╭─ DATA SUPPLIED
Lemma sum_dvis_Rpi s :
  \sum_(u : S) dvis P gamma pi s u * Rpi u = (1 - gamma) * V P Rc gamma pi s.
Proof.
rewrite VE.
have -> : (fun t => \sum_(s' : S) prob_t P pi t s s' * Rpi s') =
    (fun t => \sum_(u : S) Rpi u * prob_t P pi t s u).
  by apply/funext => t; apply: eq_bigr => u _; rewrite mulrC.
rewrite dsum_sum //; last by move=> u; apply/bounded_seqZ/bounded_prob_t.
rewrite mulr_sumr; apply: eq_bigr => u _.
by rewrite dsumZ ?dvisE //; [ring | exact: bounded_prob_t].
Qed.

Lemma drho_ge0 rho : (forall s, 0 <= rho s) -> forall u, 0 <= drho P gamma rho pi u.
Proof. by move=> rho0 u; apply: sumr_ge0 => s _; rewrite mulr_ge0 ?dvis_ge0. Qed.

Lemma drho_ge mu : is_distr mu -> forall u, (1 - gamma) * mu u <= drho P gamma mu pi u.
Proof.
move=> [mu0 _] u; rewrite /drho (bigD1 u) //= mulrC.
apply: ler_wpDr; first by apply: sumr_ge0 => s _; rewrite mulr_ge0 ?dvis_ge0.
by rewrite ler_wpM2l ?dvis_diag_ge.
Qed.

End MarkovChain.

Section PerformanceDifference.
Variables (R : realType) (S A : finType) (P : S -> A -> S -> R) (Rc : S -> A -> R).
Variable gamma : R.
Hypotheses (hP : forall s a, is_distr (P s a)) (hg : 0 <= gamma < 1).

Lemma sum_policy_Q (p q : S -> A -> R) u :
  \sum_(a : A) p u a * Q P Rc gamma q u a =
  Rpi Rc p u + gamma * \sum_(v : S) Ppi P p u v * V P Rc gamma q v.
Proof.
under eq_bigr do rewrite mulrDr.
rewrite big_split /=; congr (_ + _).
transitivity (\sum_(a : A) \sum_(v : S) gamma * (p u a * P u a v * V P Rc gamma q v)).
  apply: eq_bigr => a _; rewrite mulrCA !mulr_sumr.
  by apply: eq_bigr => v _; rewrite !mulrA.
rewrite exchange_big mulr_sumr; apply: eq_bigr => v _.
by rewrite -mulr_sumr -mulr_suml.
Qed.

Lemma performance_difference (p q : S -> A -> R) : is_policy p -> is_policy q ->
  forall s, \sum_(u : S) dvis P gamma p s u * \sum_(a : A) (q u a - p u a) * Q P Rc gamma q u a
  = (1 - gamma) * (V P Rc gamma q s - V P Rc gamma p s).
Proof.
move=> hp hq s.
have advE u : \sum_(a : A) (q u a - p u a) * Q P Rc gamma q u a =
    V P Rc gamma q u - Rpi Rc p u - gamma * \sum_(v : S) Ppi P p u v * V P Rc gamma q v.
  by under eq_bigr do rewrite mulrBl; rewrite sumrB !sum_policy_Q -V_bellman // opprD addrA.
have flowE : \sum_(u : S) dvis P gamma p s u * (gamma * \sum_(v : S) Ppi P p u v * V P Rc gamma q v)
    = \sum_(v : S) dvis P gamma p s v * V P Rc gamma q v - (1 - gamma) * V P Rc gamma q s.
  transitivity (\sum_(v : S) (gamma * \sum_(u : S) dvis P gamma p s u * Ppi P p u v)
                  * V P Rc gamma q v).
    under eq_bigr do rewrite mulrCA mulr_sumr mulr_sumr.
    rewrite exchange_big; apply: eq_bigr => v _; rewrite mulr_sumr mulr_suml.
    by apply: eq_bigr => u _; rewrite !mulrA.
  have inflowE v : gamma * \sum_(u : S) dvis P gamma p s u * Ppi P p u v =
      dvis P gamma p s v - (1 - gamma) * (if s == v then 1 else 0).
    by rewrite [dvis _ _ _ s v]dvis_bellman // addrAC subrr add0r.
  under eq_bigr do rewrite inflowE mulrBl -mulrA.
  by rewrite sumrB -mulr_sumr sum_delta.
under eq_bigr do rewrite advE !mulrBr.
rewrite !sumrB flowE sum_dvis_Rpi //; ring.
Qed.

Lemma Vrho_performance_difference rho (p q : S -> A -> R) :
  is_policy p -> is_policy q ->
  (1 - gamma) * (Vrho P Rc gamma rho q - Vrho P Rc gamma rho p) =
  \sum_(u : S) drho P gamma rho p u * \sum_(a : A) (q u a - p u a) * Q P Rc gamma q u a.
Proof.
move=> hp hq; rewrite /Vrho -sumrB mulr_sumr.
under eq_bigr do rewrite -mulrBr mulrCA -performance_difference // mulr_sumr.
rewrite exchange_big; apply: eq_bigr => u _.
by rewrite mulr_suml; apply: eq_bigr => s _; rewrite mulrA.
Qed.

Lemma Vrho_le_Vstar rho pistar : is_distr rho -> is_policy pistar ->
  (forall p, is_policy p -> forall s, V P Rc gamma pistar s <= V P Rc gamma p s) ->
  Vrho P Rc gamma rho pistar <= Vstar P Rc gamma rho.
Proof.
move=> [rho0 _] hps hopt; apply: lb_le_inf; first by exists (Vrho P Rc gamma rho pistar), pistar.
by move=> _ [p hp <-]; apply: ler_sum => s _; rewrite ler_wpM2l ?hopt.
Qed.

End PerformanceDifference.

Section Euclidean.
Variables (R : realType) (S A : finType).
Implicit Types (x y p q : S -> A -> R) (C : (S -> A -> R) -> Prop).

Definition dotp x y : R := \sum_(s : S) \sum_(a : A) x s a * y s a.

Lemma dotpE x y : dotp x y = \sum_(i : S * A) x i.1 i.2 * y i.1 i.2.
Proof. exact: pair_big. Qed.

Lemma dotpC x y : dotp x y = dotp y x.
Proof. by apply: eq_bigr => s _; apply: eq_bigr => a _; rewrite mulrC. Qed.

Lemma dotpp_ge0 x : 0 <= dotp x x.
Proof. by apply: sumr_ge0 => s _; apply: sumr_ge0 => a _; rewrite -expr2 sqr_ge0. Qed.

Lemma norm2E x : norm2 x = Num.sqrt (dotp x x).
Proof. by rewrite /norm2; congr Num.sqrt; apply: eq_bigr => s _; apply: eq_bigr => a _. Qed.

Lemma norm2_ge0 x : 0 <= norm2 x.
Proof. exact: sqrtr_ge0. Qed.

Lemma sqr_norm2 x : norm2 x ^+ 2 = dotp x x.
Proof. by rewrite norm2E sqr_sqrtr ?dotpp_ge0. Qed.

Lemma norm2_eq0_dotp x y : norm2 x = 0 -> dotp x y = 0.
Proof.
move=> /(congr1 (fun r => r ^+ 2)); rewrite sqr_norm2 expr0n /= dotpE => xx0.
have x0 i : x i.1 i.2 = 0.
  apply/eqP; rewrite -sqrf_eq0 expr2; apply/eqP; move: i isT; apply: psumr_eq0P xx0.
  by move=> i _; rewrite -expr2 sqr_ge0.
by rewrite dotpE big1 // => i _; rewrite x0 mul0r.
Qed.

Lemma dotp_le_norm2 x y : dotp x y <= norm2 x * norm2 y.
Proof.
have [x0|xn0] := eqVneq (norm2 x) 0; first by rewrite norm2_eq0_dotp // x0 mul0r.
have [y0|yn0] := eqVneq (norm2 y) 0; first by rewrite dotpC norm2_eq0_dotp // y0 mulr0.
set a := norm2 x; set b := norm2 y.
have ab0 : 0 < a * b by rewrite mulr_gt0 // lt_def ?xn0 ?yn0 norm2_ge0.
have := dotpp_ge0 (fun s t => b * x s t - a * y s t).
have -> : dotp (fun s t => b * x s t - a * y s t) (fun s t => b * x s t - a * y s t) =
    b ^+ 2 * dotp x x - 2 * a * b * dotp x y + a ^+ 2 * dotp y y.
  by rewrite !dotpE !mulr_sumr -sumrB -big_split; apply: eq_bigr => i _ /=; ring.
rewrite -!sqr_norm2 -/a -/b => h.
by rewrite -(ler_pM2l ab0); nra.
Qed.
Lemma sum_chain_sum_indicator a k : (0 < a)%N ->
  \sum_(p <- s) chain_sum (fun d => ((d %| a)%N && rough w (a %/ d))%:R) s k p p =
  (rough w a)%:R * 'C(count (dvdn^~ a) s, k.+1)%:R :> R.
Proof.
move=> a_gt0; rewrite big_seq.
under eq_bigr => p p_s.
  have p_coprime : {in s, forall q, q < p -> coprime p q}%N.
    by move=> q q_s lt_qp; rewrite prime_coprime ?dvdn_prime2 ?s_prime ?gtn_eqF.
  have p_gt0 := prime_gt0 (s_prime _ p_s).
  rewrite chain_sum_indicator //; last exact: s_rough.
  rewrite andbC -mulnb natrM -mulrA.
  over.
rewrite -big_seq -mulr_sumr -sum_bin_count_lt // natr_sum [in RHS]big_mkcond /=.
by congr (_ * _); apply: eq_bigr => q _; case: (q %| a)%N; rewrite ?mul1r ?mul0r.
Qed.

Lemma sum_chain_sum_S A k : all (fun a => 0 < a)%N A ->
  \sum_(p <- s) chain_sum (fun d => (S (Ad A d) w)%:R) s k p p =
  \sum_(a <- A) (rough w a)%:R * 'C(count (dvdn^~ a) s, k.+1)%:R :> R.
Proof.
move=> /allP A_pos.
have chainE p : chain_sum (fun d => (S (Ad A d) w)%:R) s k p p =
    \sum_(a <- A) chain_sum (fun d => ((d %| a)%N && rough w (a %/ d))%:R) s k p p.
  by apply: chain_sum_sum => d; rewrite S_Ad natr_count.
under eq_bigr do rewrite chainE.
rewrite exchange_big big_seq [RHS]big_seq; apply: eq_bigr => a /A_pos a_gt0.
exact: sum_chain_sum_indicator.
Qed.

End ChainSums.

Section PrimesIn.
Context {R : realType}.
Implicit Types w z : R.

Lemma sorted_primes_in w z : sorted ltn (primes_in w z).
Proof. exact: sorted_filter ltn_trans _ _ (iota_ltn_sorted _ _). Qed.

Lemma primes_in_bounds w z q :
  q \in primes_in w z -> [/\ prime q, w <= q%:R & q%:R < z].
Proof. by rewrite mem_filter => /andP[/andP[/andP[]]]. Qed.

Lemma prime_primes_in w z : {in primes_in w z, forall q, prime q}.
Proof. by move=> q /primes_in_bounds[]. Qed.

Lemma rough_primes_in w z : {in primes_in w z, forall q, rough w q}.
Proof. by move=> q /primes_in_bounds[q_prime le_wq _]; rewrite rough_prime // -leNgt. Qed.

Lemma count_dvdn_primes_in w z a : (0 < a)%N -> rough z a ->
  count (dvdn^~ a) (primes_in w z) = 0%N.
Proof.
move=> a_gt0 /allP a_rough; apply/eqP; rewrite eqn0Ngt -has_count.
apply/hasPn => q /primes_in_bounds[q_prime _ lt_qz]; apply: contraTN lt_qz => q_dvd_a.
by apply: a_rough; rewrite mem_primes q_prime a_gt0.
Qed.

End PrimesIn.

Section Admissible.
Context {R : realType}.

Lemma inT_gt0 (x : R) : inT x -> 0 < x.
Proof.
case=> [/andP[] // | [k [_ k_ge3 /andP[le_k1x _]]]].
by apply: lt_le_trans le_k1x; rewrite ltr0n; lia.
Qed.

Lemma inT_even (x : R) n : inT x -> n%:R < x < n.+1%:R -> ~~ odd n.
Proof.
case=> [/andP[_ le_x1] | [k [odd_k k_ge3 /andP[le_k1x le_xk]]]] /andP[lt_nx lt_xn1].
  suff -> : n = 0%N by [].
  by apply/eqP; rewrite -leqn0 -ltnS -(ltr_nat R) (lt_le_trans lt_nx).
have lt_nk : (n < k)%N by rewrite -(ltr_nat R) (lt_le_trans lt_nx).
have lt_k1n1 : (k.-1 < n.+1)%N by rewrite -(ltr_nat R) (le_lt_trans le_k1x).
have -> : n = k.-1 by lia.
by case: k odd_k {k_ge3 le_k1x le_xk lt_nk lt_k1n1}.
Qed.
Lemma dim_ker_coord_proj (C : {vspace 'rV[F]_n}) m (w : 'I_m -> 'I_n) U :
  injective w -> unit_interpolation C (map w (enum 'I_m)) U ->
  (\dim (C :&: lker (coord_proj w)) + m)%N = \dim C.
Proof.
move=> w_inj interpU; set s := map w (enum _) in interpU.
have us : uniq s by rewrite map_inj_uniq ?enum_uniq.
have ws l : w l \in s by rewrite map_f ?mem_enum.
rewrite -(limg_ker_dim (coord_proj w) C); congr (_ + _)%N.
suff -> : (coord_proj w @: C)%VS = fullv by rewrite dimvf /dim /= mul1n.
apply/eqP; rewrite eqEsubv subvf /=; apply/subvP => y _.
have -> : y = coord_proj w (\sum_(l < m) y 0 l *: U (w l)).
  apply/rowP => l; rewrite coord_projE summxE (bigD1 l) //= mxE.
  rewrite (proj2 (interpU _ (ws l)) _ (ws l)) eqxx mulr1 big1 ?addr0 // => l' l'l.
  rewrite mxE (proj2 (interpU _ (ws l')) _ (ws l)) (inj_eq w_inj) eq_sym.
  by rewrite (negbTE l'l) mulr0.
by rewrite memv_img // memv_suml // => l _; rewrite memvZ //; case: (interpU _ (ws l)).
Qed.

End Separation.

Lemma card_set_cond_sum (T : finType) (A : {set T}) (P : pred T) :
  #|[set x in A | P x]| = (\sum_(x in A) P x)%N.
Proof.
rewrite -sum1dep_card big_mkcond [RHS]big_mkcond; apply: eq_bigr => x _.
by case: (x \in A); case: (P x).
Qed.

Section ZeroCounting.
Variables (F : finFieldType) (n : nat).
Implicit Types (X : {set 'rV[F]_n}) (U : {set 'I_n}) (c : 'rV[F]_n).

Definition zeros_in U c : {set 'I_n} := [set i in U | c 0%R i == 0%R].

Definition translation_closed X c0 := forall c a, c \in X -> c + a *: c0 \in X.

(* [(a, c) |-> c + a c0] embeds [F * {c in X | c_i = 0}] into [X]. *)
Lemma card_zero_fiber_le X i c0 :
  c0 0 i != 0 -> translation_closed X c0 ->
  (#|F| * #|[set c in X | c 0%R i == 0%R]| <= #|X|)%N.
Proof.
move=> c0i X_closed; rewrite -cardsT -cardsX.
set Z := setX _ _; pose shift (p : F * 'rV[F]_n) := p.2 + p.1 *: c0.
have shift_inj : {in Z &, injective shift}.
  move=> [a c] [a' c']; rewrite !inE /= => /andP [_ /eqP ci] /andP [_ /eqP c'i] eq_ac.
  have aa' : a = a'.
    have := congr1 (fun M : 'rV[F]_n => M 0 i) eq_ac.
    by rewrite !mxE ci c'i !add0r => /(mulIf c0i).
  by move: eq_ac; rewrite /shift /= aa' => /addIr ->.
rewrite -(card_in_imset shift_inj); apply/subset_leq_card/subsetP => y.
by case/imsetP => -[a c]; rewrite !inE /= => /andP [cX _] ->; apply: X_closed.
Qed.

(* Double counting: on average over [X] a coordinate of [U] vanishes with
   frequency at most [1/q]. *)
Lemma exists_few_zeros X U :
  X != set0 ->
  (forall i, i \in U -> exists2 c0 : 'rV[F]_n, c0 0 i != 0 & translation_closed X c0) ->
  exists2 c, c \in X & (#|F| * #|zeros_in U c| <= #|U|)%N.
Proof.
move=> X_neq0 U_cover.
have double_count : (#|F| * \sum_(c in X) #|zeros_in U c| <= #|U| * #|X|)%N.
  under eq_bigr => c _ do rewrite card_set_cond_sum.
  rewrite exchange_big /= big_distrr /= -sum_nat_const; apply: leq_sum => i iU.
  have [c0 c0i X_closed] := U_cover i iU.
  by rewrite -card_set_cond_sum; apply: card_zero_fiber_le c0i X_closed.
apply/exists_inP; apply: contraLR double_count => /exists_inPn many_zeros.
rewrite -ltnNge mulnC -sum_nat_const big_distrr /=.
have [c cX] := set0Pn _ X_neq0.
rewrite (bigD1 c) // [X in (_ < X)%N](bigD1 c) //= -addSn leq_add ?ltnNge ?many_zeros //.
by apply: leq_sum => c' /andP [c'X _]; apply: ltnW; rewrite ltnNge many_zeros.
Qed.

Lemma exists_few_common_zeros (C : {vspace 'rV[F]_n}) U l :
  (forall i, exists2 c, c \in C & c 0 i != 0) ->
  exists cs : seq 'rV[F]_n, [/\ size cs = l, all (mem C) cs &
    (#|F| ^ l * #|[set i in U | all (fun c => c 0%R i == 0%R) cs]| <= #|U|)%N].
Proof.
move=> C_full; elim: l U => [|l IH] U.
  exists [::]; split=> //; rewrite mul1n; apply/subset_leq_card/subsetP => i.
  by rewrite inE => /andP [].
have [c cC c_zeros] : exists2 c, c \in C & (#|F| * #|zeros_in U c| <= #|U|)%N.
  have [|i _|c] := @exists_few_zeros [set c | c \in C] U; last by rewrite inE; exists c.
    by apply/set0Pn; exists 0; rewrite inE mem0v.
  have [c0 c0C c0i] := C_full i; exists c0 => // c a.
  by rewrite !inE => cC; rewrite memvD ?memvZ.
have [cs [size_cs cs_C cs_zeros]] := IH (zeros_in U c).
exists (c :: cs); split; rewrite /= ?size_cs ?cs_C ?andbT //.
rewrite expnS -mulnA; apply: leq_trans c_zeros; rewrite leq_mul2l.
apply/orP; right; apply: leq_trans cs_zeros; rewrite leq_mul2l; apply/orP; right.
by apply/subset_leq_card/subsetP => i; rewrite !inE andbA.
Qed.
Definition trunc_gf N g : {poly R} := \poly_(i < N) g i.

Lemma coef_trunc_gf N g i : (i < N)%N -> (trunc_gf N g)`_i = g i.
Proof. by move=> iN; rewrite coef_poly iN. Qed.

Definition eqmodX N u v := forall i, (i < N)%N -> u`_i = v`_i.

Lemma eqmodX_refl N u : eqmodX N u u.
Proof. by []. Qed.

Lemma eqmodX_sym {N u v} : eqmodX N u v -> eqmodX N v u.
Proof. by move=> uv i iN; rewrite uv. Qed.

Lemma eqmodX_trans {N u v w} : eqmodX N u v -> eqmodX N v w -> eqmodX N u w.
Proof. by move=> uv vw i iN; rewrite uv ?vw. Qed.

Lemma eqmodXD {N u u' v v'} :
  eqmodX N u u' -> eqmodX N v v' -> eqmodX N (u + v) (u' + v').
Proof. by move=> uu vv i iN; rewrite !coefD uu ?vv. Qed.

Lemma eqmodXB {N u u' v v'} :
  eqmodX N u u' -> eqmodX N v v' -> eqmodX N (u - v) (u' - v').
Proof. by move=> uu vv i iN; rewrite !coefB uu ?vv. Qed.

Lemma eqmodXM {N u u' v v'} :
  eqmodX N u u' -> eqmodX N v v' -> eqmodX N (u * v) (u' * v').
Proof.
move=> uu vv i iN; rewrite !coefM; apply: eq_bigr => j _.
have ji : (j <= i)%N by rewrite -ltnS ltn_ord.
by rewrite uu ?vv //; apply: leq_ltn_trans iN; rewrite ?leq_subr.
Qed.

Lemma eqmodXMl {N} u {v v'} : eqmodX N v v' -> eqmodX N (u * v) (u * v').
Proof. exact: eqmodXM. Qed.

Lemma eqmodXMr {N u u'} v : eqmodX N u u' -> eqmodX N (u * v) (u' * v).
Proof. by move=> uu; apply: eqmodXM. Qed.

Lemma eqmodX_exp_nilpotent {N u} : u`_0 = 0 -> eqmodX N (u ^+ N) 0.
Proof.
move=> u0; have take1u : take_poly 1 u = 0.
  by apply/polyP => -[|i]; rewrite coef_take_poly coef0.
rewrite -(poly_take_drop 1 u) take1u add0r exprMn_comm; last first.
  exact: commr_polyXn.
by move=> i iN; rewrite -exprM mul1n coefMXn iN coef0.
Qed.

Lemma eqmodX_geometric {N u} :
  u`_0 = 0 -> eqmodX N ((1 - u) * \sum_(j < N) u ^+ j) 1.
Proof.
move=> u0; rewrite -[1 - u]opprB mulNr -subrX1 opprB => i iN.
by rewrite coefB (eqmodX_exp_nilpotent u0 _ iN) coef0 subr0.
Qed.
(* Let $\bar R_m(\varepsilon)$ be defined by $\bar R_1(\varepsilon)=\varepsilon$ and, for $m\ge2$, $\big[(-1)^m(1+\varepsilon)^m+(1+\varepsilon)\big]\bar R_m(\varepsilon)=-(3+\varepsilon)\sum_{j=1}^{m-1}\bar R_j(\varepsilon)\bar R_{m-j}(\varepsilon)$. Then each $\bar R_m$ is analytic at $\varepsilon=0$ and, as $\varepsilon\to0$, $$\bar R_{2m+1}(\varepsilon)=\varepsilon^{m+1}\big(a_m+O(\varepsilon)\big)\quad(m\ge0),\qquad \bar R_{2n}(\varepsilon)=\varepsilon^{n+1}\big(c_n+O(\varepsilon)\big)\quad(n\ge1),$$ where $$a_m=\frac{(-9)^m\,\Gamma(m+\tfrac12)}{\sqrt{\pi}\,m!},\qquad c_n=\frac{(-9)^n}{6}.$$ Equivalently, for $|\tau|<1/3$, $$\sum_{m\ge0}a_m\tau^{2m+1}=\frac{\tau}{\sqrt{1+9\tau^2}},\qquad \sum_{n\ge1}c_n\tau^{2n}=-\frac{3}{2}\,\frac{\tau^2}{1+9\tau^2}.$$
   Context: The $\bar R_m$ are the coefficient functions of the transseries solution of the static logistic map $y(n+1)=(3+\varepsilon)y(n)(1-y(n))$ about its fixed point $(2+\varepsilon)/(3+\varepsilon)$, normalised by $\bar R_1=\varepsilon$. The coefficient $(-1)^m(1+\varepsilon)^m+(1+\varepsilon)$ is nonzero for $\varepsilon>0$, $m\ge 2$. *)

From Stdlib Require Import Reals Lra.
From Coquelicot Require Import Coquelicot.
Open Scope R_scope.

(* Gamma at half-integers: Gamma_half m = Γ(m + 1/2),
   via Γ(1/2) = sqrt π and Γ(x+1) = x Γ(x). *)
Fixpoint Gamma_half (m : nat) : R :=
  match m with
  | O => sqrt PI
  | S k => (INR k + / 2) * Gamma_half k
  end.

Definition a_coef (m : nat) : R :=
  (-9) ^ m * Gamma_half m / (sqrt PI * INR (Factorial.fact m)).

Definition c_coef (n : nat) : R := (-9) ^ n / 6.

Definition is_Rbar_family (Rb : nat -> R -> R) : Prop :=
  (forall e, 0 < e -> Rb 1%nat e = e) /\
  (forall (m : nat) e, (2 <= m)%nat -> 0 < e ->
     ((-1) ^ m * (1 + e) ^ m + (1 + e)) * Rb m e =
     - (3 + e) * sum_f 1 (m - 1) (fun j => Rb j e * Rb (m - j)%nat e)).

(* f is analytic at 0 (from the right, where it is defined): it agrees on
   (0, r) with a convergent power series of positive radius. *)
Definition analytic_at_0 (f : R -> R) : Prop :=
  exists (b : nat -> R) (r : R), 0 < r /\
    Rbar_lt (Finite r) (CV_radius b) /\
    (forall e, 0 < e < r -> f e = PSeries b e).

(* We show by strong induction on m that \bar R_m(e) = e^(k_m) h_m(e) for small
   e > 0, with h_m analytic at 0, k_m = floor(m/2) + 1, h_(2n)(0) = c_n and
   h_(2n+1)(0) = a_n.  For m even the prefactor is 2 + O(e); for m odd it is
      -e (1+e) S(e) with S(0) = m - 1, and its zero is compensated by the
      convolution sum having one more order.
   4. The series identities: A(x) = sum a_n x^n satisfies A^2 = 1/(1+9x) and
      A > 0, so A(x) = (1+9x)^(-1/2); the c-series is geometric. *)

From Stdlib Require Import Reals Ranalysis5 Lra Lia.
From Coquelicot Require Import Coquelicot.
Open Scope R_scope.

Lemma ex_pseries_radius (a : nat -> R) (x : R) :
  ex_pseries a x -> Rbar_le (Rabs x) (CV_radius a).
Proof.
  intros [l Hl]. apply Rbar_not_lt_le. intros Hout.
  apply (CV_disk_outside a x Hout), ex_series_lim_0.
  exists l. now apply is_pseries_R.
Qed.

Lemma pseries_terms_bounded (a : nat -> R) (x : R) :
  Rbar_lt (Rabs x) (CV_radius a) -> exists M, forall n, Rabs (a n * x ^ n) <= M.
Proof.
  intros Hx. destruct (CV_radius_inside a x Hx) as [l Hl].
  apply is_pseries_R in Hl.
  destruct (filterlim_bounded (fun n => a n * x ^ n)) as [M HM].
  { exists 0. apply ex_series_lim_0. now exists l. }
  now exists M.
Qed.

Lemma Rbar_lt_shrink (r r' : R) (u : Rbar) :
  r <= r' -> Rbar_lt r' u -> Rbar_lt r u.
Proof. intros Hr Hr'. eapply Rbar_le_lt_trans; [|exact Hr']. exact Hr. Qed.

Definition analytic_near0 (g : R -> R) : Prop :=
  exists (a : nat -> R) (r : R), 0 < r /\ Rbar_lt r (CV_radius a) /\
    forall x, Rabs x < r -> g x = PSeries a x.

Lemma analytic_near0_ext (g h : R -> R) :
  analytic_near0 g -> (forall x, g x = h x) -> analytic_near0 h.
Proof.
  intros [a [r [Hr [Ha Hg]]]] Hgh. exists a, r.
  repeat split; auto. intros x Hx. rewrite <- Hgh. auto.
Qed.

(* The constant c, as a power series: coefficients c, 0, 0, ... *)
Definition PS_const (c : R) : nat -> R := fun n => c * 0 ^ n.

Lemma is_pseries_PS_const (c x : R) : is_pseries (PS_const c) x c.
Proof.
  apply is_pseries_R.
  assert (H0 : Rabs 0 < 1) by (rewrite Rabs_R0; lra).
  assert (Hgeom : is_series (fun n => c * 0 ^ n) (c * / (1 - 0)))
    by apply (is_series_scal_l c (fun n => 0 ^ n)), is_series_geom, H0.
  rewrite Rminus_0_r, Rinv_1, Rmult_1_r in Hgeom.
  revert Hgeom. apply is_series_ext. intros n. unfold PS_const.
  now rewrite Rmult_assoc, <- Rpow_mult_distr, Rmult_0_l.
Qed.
╰─
#### TASK OBJECTIVE
If a line in the data holds the string "subsetP", copy that line.

#### WORKED SOLUTION
rewrite -(card_in_imset shift_inj); apply/subset_leq_card/subsetP => y.
  exists [::]; split=> //; rewrite mul1n; apply/subset_leq_card/subsetP => i.
by apply/subset_leq_card/subsetP => i; rewrite !inE andbA.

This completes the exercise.